═════ MATERIALS PROVIDED
From mathcomp Require Import all_boot.
From Stdlib Require Import Relation_Operators.
Set Implicit Arguments. Unset Strict Implicit. Unset Printing Implicit Defensive.

(* Take an automaton for a regular representative language and a fresh letter
   h that depends on every letter, itself included.  The pushdown system starts
   with stack h, guesses a final state, and then runs the automaton backwards:
   in state s' it may replace the top h by h b and move to s whenever s -b-> s',
   and it finally pops h in an initial state.  Every rule reads h, and h depends
   on everything, so (P1) holds and (P2') is vacuous.  Because h commutes with
   nothing it can be cancelled from the front of a trace, which makes
   "the stack is h v with v accepted from the current state" an invariant up to
   trace equivalence; hence the stacks left after popping h are exactly the
   traces of accepted words. *)

Lemma rem_cat (T : eqType) (x : T) s1 s2 :
  rem x (s1 ++ s2) = if x \in s1 then rem x s1 ++ s2 else s1 ++ rem x s2.
Proof.
elim: s1 => //= y s1 IH; rewrite in_cons eq_sym.
by case: eqP => //= _; rewrite IH; case: ifP.
Qed.

Lemma trace_eq_hom (D1 D2 : rel letter) (f : word -> word) :
  (forall u v, swap1 D1 u v -> trace_eq D2 (f u) (f v)) ->
  forall u v, trace_eq D1 u v -> trace_eq D2 (f u) (f v).
Proof.
move=> Hf u v; elim=> [? ? /Hf //|?|? ? _ IH|? ? ? _ IH1 _ IH2].
- exact: rst_refl.
- exact: rst_sym.
- exact: rst_trans IH2.
Qed.

Section TraceEquivalence.

Variable D : rel letter.

Lemma trace_eq_refl u : trace_eq D u u.
Proof. exact: rst_refl. Qed.

Lemma trace_eq_sym u v : trace_eq D u v -> trace_eq D v u.
Proof. exact: rst_sym. Qed.

Lemma trace_eq_trans u v w : trace_eq D u v -> trace_eq D v w -> trace_eq D u w.
Proof. exact: rst_trans. Qed.

Lemma trace_eq_catl p u v : trace_eq D u v -> trace_eq D (p ++ u) (p ++ v).
Proof.
apply: trace_eq_hom => _ _ [x [y [a [b [Dab [-> ->]]]]]].
by apply: rst_step; exists (p ++ x), y, a, b; rewrite !catA.
Qed.

Lemma trace_eq_subdep (D' : rel letter) u v :
  subrel D D' -> trace_eq D' u v -> trace_eq D u v.
Proof.
move=> sDD'; apply: (@trace_eq_hom D' D id) => _ _ [x [y [a [b [D'ab [-> ->]]]]]].
by apply: rst_step; exists x, y, a, b; split=> //; apply: contra D'ab; apply: sDD'.
Qed.

Lemma trace_eq_rem c u v : D c c -> trace_eq D u v -> trace_eq D (rem c u) (rem c v).
Proof.
move=> Dcc; apply: trace_eq_hom => _ _ [x [y [a [b [Dab [-> ->]]]]]].
rewrite !rem_cat; case: ifP => _.
  by apply: rst_step; exists (rem c x), y, a, b.
apply: trace_eq_catl => /=.
case: (eqVneq a c) => [Eac|Nac].
  have Nbc : b != c by apply: contraNneq Dab => ->; rewrite Eac.
  by rewrite (negbTE Nbc); apply: trace_eq_refl.
case: (eqVneq b c) => _; first exact: trace_eq_refl.
by apply: rst_step; exists [::], (rem c y), a, b.
Qed.

Lemma trace_eq_cons_cancel c u v :
  D c c -> trace_eq D (c :: u) (c :: v) -> trace_eq D u v.
Proof. by move=> Dcc /(trace_eq_rem Dcc) /=; rewrite eqxx. Qed.

End TraceEquivalence.

Section PushdownReachability.

Variables (Q : finType) (D : rel letter) (Delta : seq (rule Q)).

Lemma pd_reach_trans c d e :
  pd_reach D Delta c d -> pd_reach D Delta d e -> pd_reach D Delta c e.
Proof. exact: rt_trans. Qed.

Lemma pd_reach_rule p a w q x :
  (p, a, w, q) \in Delta -> pd_reach D Delta (p, a :: x) (q, w ++ x).
Proof.
move=> r; apply: rt_step; right; exists p, a, w, q, x.
by do 4 split=> //; apply: trace_eq_refl.
Qed.

Lemma pd_reach_trace_eq p u v : trace_eq D u v -> pd_reach D Delta (p, u) (p, v).
Proof. by move=> Huv; apply: rt_step; left. Qed.

Lemma pd_reach_inv (P : Q * word -> Prop) :
  (forall p u v, trace_eq D u v -> P (p, u) -> P (p, v)) ->
  (forall c d, pd_step D Delta c d -> P c -> P d) ->
  forall c d, pd_reach D Delta c d -> P c -> P d.
Proof.
move=> Peq Pstep c d; elim=> [{}c {}d [[Ecd Hcd]|/Pstep //]|//|? ? ? _ IH1 _ IH2].
- by case: c d Ecd Hcd => p u [_ v] /= <-; apply: Peq.
- by move=> /IH1 /IH2.
Qed.

End PushdownReachability.

Lemma trace_pushdown_dominant_top (A' : seq letter) (D' : rel letter) (Q : finType)
    (Delta : seq (rule Q)) c :
  c \in A' -> {in A', forall e, D' c e} ->
  (forall p a w q, (p, a, w, q) \in Delta -> (a == c) && all (mem A') w) ->
  trace_pushdown A' D' Delta.
Proof.
move=> cA' Dc top; split.
- by move=> p a w q /top /andP[/eqP -> ->]; rewrite cA'.
- by move=> p a w q /top /andP[/eqP -> _] ? e _ /Dc.
- move=> p a v q b w r /top /andP[/eqP -> _] /top /andP[/eqP -> _] /(_ c c).
  by rewrite !mem_head Dc // => /(_ isT isT).
Qed.

Definition fresh_letter (A : seq letter) : letter := (\max_(a <- A) a).+1.

Lemma fresh_letter_notin A : fresh_letter A \notin A.
Proof.
by apply/negP => /(@leq_bigmax_seq _ A xpredT id) /(_ isT); rewrite ltnn.
Qed.

Section DominantLetter.

Variables (A : seq letter) (D : rel letter) (h : letter).

Definition add_dominant : rel letter := fun a b =>
  [|| D a b, (a == h) && (b \in h :: A) | (b == h) && (a \in h :: A)].

Lemma sub_add_dominant : subrel D add_dominant.
Proof. by move=> a b Dab; rewrite /add_dominant Dab. Qed.

Lemma add_dominant_dominant : {in h :: A, forall e, add_dominant h e}.
Proof. by move=> e he; rewrite /add_dominant eqxx he orbT. Qed.

Lemma add_dominant_dep_alphabet :
  dep_alphabet A D -> dep_alphabet (h :: A) add_dominant.
Proof.
case=> DA Drefl Dsym; split.
- move=> a b /or3P[/DA/andP[aA bA]|/andP[/eqP-> bhA]|/andP[/eqP-> ahA]].
  + by rewrite !in_cons aA bA !orbT.
  + by rewrite mem_head.
  + by rewrite ahA mem_head.
- move=> a; rewrite in_cons => /predU1P[->|aA].
    exact: add_dominant_dominant (mem_head _ _).
  by rewrite /add_dominant Drefl.
- move=> a b /or3P[/Dsym Dba|hb|ha]; rewrite /add_dominant.
  + by rewrite Dba.
  + by rewrite hb !orbT.
  + by rewrite ha orbT.
Qed.

Lemma add_dominant_restrict : dep_alphabet A D -> h \notin A ->
  forall a b, D a b = [&& a \in A, b \in A & add_dominant a b].
Proof.
case=> DA _ _ hA a b; case Dab: (D a b).
  by have /andP[-> ->] := DA _ _ Dab; rewrite /add_dominant Dab.
case aA: (a \in A); case bA: (b \in A) => //=.
have [ah bh] : a != h /\ b != h by split; apply: contraNneq hA => <-.
by rewrite /add_dominant Dab (negbTE ah) (negbTE bh).
Qed.

End DominantLetter.

Section NfaPushdown.

Variables (A : seq letter) (D' : rel letter) (h : letter).
Hypothesis h_dominant : {in h :: A, forall e, D' h e}.
Variables (S : finType) (init fin : pred S) (tr : S -> letter -> S -> bool).

Definition nfa_lang (v : word) : Prop :=
  all (mem A) v /\ exists2 s, init s & nfa_acc fin tr s v.

(* [inl true] is the start state, [inl false] the final state, and [inr s]
   simulates the automaton in state [s]. *)
Definition pd_state : finType := (bool + S)%type.

Definition nfa_rule (r : rule pd_state) : bool :=
  let: (p, a, w, q) := r in
  (a == h) &&
  match p, q with
  | inl true, inr f => (w == [:: h]) && fin f
  | inr s', inr s => if w is [:: c; b] then [&& c == h, b \in A & tr s b s'] else false
  | inr s, inl false => (w == [::]) && init s
  | _, _ => false
  end.

Definition nfa_rules : seq (rule pd_state) :=
  let words := [:: [::], [:: h] & [seq [:: h; b] | b <- A]] in
  [seq r <- [seq (p, h, wq.1, wq.2) | p <- enum pd_state,
                                      wq <- [seq (w, q) | w <- words, q <- enum pd_state]]
   | nfa_rule r].

Lemma mem_nfa_rules r : (r \in nfa_rules) = nfa_rule r.
Proof.
rewrite mem_filter; apply: andb_idr; case: r => [[[p a] w] q] /andP[/eqP-> Hr].
apply/allpairsP; exists (p, (w, q)); rewrite mem_enum; split=> //.
apply/allpairsP; exists (w, q); rewrite mem_enum; split=> //; rewrite /= !in_cons.
case: p q Hr => [[]|s'] [[]|s] //=; first by case/andP => /eqP->; rewrite eqxx orbT.
- by case/andP => /eqP->; rewrite eqxx.
- by case: w => [|c [|b []]] //= /and3P[/eqP-> bA _]; rewrite map_f ?orbT.
Qed.

Lemma nfa_rules_trace_pushdown : trace_pushdown (h :: A) D' nfa_rules.
Proof.
apply: trace_pushdown_dominant_top (mem_head _ _) h_dominant _ => p a w q.
rewrite mem_nfa_rules /= => /andP[-> Hr] /=.
case: p q Hr => [[]|s'] [[]|s] //=; first by case/andP => /eqP-> _; rewrite /= mem_head.
- by case/andP => /eqP->.
- by case: w => [|c [|b []]] //= /and3P[/eqP-> bA _]; rewrite mem_head in_cons bA orbT.
Qed.

Definition nfa_inv (c : pd_state * word) : Prop :=
  match c with
  | (inl true, u) => trace_eq D' u [:: h]
  | (inl false, u) => exists2 v, nfa_lang v & trace_eq D' u v
  | (inr s, u) => exists2 v, all (mem A) v && nfa_acc fin tr s v & trace_eq D' u (h :: v)
  end.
══════════
#### WORK TO COMPLETE
Please give back exactly the lines of the listing above that run from the one containing "- by move=> /IH1 /IH2." through the one containing "- by move=> p a w q /top /andP[/eqP -> ->];", and only those.

#### SOLUTION
- by move=> /IH1 /IH2.
Qed.

End PushdownReachability.

Lemma trace_pushdown_dominant_top (A' : seq letter) (D' : rel letter) (Q : finType)
    (Delta : seq (rule Q)) c :
  c \in A' -> {in A', forall e, D' c e} ->
  (forall p a w q, (p, a, w, q) \in Delta -> (a == c) && all (mem A') w) ->
  trace_pushdown A' D' Delta.
Proof.
move=> cA' Dc top; split.
- by move=> p a w q /top /andP[/eqP -> ->]; rewrite cA'.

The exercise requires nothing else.